# Best Places to Purchase Beans Online



## Mavis (Feb 5, 2014)

Hi guys, I have been looking on the forum and there is a vast selection of UK roasters and online subscription services, but in your opinion where would be the best place to start? Ive never bought beans online, only from local coffee shop / roaster (artisan roast), i currently live in Edinburgh.

Thanks

Matt


----------



## Mrboots2u (May 10, 2013)

There are tons of great roasters out there. mentioned on forum will be .

Rave, Hasbean, Londinium ,compass , extract , smoky barn ,

There are some quality Scottish roasters too though . Sure the jock contingent will mention some.

what kind of taste do you like? Fruity , chocolate it is just for espresso or other brew methods too.


----------



## kikapu (Nov 18, 2012)

The most popular places that are always recommended and I use them both regularly are Ravecoffee and Hasbean.

Rave are great value in general a darker roast than some other but have some very good coffee blends and if you are having to dial in your MC2 then would recommend you order a kilo of either signature or fudge (if you are just drinking milky) as great value and will help you work on technique and get the grinder dialled in,

Hasbean offer a lighter roast and smaller bag sizes.

Both offer great service certainly a great place to start


----------



## Mavis (Feb 5, 2014)

Thanks very much. Yeah kikapu your right i will need to dial it in. Now in response to mrboots2u i only use the beans for espresso, i definatly prefer the dark roasted beans, as of taste I'm novice when it comes to that, i like rich, intense beans, i do know I'm not a big fan of the sumatra style beans (purchased from artisan roast) find them in my opinion a tangy twist to the bean and when in a milky drink gives it an almost sour taste (in my opinion, don't hate me for this lol) I prefer just the classic / basic dark roast bean. Im currently using a brand called carraro I think its the crema version which has central american beans mixed with brazilion beans. Anyway, i will have a look at these sites, again thanks for the advice.


----------



## omegabri (Jan 7, 2014)

I've no experience to compare, but RAVE beans have been great for me....

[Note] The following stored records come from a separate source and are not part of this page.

(* Let $Q = R_0(u_0)\leftarrow A_1\wedge\cdots\wedge A_m$ be a conjunctive query with $var(Q)=\{X_1,\ldots,X_k\}$ and an arbitrary set of functional dependencies, with $Q=chase(Q)$. Then the color number $C(Q)$ equals the optimal value of the linear program in the real variables $h(S)$, $S\subseteq[k]$ (with $h(\emptyset)=0$): \begin{align*} \text{maximize } \quad & h(u_0)\\ \text{subject to } \quad & h(u_i)\le 1 \quad \text{for all } i=1,\ldots,m,\\ & h(\{t\}\mid\{i_1,\ldots,i_j\})=0 \quad \text{for each induced dependency } X_{i_1},\ldots,X_{i_j}\to X_t,\\ & I(S\mid [k]\setminus S)\ge 0 \quad \text{for every nonempty } S\subseteq[k]. \end{align*}
   Context: A conjunctive query has the form $Q = R_0(u_0)\leftarrow A_1\wedge\cdots\wedge A_m$, where each body atom is $A_i=R_{j(i)}(u_i)$ for a relation name $R_{j(i)}$ (a relation name may occur in several atoms), each $u_i$ is a list of variables of length equal to the arity of $R_{j(i)}$, and every head variable occurs in the body. A functional dependency $V\to a$ on relation $R$ ($V$ a set of attribute positions, $a$ a position) induces, for each body atom $R(u)$, the dependency $\{u[p]:p\in V\}\to u[a]$ among query variables (''induced dependency''). $Q=chase(Q)$ means: no atom repeated, and for every relation $R$, FD $V\to a$ on $R$, and atoms $R(u),R(u')$, if $u[p]=u'[p]$ for all $p\in V$ then $u[a]=u'[a]$. Valid coloring: a map $\mathcal{L}$ assigning to each $X\in var(Q)$ a finite set $\mathcal{L}(X)$ of colors such that for every induced dependency $X_1,\ldots,X_j\to Y$, $\mathcal{L}(Y)\subseteq\bigcup_i\mathcal{L}(X_i)$. Color number: $C(Q)=\max_{\mathcal{L}} \frac{|\bigcup_{X\in u_0}\mathcal{L}(X)|}{\max_{i\ge1}|\bigcup_{X\in u_i}\mathcal{L}(X)|}$, the maximum over valid colorings with positive denominator. Linear-program notation: for a variable list $u$, $h(u)=h(S_u)$ with $S_u$ the set of indices of variables in $u$. For $A,B\subseteq[k]$, $h(A\mid B):=h(A\cup B)-h(B)$. For nonempty $T\subseteq[k]$ and $T'\subseteq[k]$ disjoint from $T$, the (multivariate conditional) mutual information is $I(T\mid T'):=\sum_{\emptyset\ne A\subseteq T}(-1)^{|A|+1}h(A\mid T')$ (so $I(\{i\}\mid T')=h(\{i\}\mid T')$ and $I(\{i,j\}\mid T')=h(\{i\}\cup T')+h(\{j\}\cup T')-h(T')-h(\{i,j\}\cup T')$); this matches the recursive definition $I(X_1;\ldots;X_n)=I(X_1;\ldots;X_{n-1})-I(X_1;\ldots;X_{n-1}\mid X_n)$. *)

From HB Require Import structures.
From mathcomp Require Import all_boot all_order all_algebra.
Set Implicit Arguments. Unset Strict Implicit. Unset Printing Implicit Defensive.
Import Order.TTheory GRing.Theory Num.Theory.

(* Query variables are X_0..X_{k-1}, i.e. elements of 'I_k.
   A body atom is a pair (r, u): relation name r : nat and argument list u.
   fds r : seq (seq nat * nat) lists the FDs V -> a on relation r
   (positions are 0-based).  The head is the argument list u_0. *)

Section Q.
Variable k : nat.
Notation V := 'I_k.

Definition vset (u : seq V) : {set V} := [set x | x \in u].

Definition induced (fds : nat -> seq (seq nat * nat)) (body : seq (nat * seq V))
  (S : {set V}) (y : V) : Prop :=
  exists2 ru, ru \in body &
  exists2 Wa, Wa \in fds ru.1 &
    onth ru.2 Wa.2 = Some y /\ S = [set x | Some x \in map (onth ru.2) Wa.1].

(* Q = chase(Q) *)
Definition chased (fds : nat -> seq (seq nat * nat)) (body : seq (nat * seq V)) : Prop :=
  uniq body /\
  forall r (u u' : seq V) (Wa : seq nat * nat),
    Wa \in fds r -> (r, u) \in body -> (r, u') \in body ->
    (forall p, p \in Wa.1 -> onth u p = onth u' p) ->
    onth u Wa.2 = onth u' Wa.2.

Definition valid_coloring (fds : nat -> seq (seq nat * nat)) (body : seq (nat * seq V))
  (n : nat) (L : V -> {set 'I_n}) : Prop :=
  forall S y, induced fds body S y -> L y \subset \bigcup_(x in S) L x.

Definition colors_of n (L : V -> {set 'I_n}) (u : seq V) : {set 'I_n} :=
  \bigcup_(x <- u) L x.

Definition col_num n (L : V -> {set 'I_n}) (head : seq V) : nat :=
  #|colors_of L head|.

Definition col_den n (L : V -> {set 'I_n}) (body : seq (nat * seq V)) : nat :=
  \max_(ru <- body) #|colors_of L ru.2|.

Local Open Scope ring_scope.
Variable R : realFieldType.

Definition hcond (h : {set V} -> R) (A B : {set V}) : R := h (A :|: B) - h B.

Definition mutinf (h : {set V} -> R) (T T' : {set V}) : R :=
  \sum_(A in powerset T | A != set0) (-1) ^+ (#|A|.+1) * hcond h A T'.

Definition lp_feasible (fds : nat -> seq (seq nat * nat)) (body : seq (nat * seq V))
  (h : {set V} -> R) : Prop :=
  [/\ h set0 = 0,
      (forall ru, ru \in body -> h (vset ru.2) <= 1),
      (forall S y, induced fds body S y -> hcond h [set y] S = 0) &
      (forall S : {set V}, S != set0 -> 0 <= mutinf h S (~: S))].

Definition lp_optimum fds body (head : seq V) (c : R) : Prop :=
  (exists2 h, lp_feasible fds body h & h (vset head) = c) /\
  (forall h, lp_feasible fds body h -> h (vset head) <= c).

Definition color_ratio n (L : V -> {set 'I_n}) head body : R :=
  (col_num L head)%:R / (col_den L body)%:R.

Definition is_color_number fds body (head : seq V) (c : R) : Prop :=
  (exists n (L : V -> {set 'I_n}),
      [/\ valid_coloring fds body L, (0 < col_den L body)%N & color_ratio L head body = c]) /\
  (forall n (L : V -> {set 'I_n}), valid_coloring fds body L -> (0 < col_den L body)%N ->
      color_ratio L head body <= c).
End Q.

From HB Require Import structures.
From mathcomp Require Import all_boot all_order all_algebra.
Set Implicit Arguments. Unset Strict Implicit. Unset Printing Implicit Defensive.
Import Order.TTheory GRing.Theory Num.Theory.
Local Open Scope ring_scope.

(* The proof changes coordinates.  A set function h on the subsets of [k] with
   h(set0) = 0 is the same thing as a weight function w on subsets, via
     h(A) = sum of w(T) over the sets T meeting A,   w(S) = I(S | ~: S)
   (Moebius inversion, Section MobiusInversion).  In weight coordinates the LP
   reads: w >= 0, w vanishes on non-admissible sets (sets T containing the
   conclusion y of an induced dependency S -> y but no premise in S), every atom
   has total weight <= 1; maximize the weight meeting the head.
   - A valid coloring gives feasible weights (the proportion of colors whose set of
     variables is T), whose objective is its color ratio: C(Q) <= LP value.
   - Fourier-Motzkin elimination (Section FourierMotzkin) shows that the weight LP
     has a rational optimum c, optimal over every real field.  An optimal rational
     w, scaled to integers, is the multiplicity vector of a coloring whose color
     ratio is at least c: so C(Q) = c. *)

(* A rational linear constraint  a_0 x_0 + ... + a_(n-1) x_(n-1) <= b,
   stored as its coefficient list a and its bound b. *)
Definition constr := (seq rat * rat)%type.

Definition fm_comb (n : nat) (p q : constr) : constr :=
  ([seq p.1`_i / p.1`_n - q.1`_i / q.1`_n | i <- iota 0 n],
   p.2 / p.1`_n - q.2 / q.1`_n).

Definition fm_elim (n : nat) (cs : seq constr) : seq constr :=
  [seq c <- cs | c.1`_n == 0] ++
  [seq fm_comb n p q | p <- [seq c <- cs | 0 < c.1`_n], q <- [seq c <- cs | c.1`_n < 0]].

Fixpoint fm_proj (m n : nat) (cs : seq constr) : seq constr :=
  if m is m'.+1 then fm_proj m' n (fm_elim (n + m') cs) else cs.

Section FourierMotzkin.
Variable F : realFieldType.

Definition lhs (n : nat) (c : constr) (x : nat -> F) : F := \sum_(i < n) ratr c.1`_i * x i.
Definition sat (n : nat) (x : nat -> F) (c : constr) : bool := lhs n c x <= ratr c.2.
Definition upd (x : nat -> F) (n : nat) (y : F) : nat -> F := fun i => if i == n then y else x i.

Lemma lhs_ext n c x y : (forall i, (i < n)%N -> x i = y i) -> lhs n c x = lhs n c y.
Proof. by move=> exy; apply: eq_bigr => i _; rewrite exy. Qed.

Lemma lhs_upd n c x y : lhs n.+1 c (upd x n y) = lhs n c x + ratr c.1`_n * y.
Proof.
rewrite /lhs big_ord_recr /= /upd eqxx; congr (_ + _).
by apply: eq_bigr => i _; rewrite ltn_eqF.
Qed.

Quick delivery, fresh roast date and well packaged when they arrived! Couldn't ask for more really

Above all, the flavour in the bean and subsequent extraction is simply wonderful (to me at least!...)

Bri......


----------



## Iwwstriker (Dec 6, 2013)

Rave gave me a good impression. With my first order over last week, they have personally assigned a person to contact me via email just to check on the opinions that I might have for their beans. I won't say that they are the best, but currently, their affordable price range and friendly customer service have been encouraging enough. You could try this one though,

http://coffeeforums.co.uk/showthread.php?14229-Pact-Coffee-Offer-250g-for-%A31

I have subscribed just to try the first few bags, but because of the price, I think I might drop the subscription order sooner or later.

And if you're into Rave, go for the Italian Job blend first. =D Most reasonable price for a kilo of beans and they are so good!!! Just simply love them at all cost.

Cheers,

Ivan


----------



## Iwwstriker (Dec 6, 2013)

And one more thing, @Mavis, you could check it out here. The forum has accumulated a collection of data about delivery and price of coffee for different companies. It might be useful for you.

http://coffeeforums.co.uk/Subscriptions.htm


----------



## jeebsy (May 5, 2013)

If you want to keep it north of hadrian's wall then you have Dear Green and Papercup but they're weegie!


----------



## Mavis (Feb 5, 2014)

Thanks Ivan and Jeebsy  I opted to go with Rave and the signature blend, so I hope they're nice. I'm definitely going to try the Italian job blend next time.

Thanks

Matt


----------



## Rob_EthioBean (Apr 24, 2016)

Hey guys, I know this is an old thread but I would like to share our company details - http://www.beaniecoffee.com

We're new and hoping to share our cultural (Ethiopian) way of roasting coffee with everyone. Give us a try and see what you think

Key point - No Subscription fees!


----------



## coffeechap (Apr 5, 2012)

think you need to check the forum advertising rules before posting any links


----------



## Glenn (Jun 14, 2008)

Thanks Rob

Get in touch if you'd like to know more about advertising on the forum

or click here for further details


----------



## MarkT (Nov 21, 2015)

+1 for Rave they do a 20% discount on first order code on their site and free delivery over £25. They have a wide varieties of beans and the service is very very good. Sent me a wrong kilo and I rang them about it offering to send it back told me to keep it and sent me the right one free of charge the next day. They also have random discounts sent to you via mail.

I'm currently now on Hasbean In My Mug subscription as I want to try different kinds of beans from different parts of the world. The best part is Steven the owner does video review of coffee each week and where the coffee comes from and the facts about coffee. Very informative. Again they also have a huge selection of coffees to choose from at very reasonable prices. Search for in my mug on Google.

Tried coffee from Union which are also good and a little expensive for me I think. I will definitely want to get their subscription once I have more money.

Coffee Compass also is popular on here 10% discount to forum members.

Foundry Coffee also very good forum discount too.

Plenty to choose from.









I thought I liked dark roasted and strong coffee, but now I'm down to medium to light roast with fruity coffees. I'm enjoying the experience of tasting different flavours in the freshly roasted beans. Lol.


----------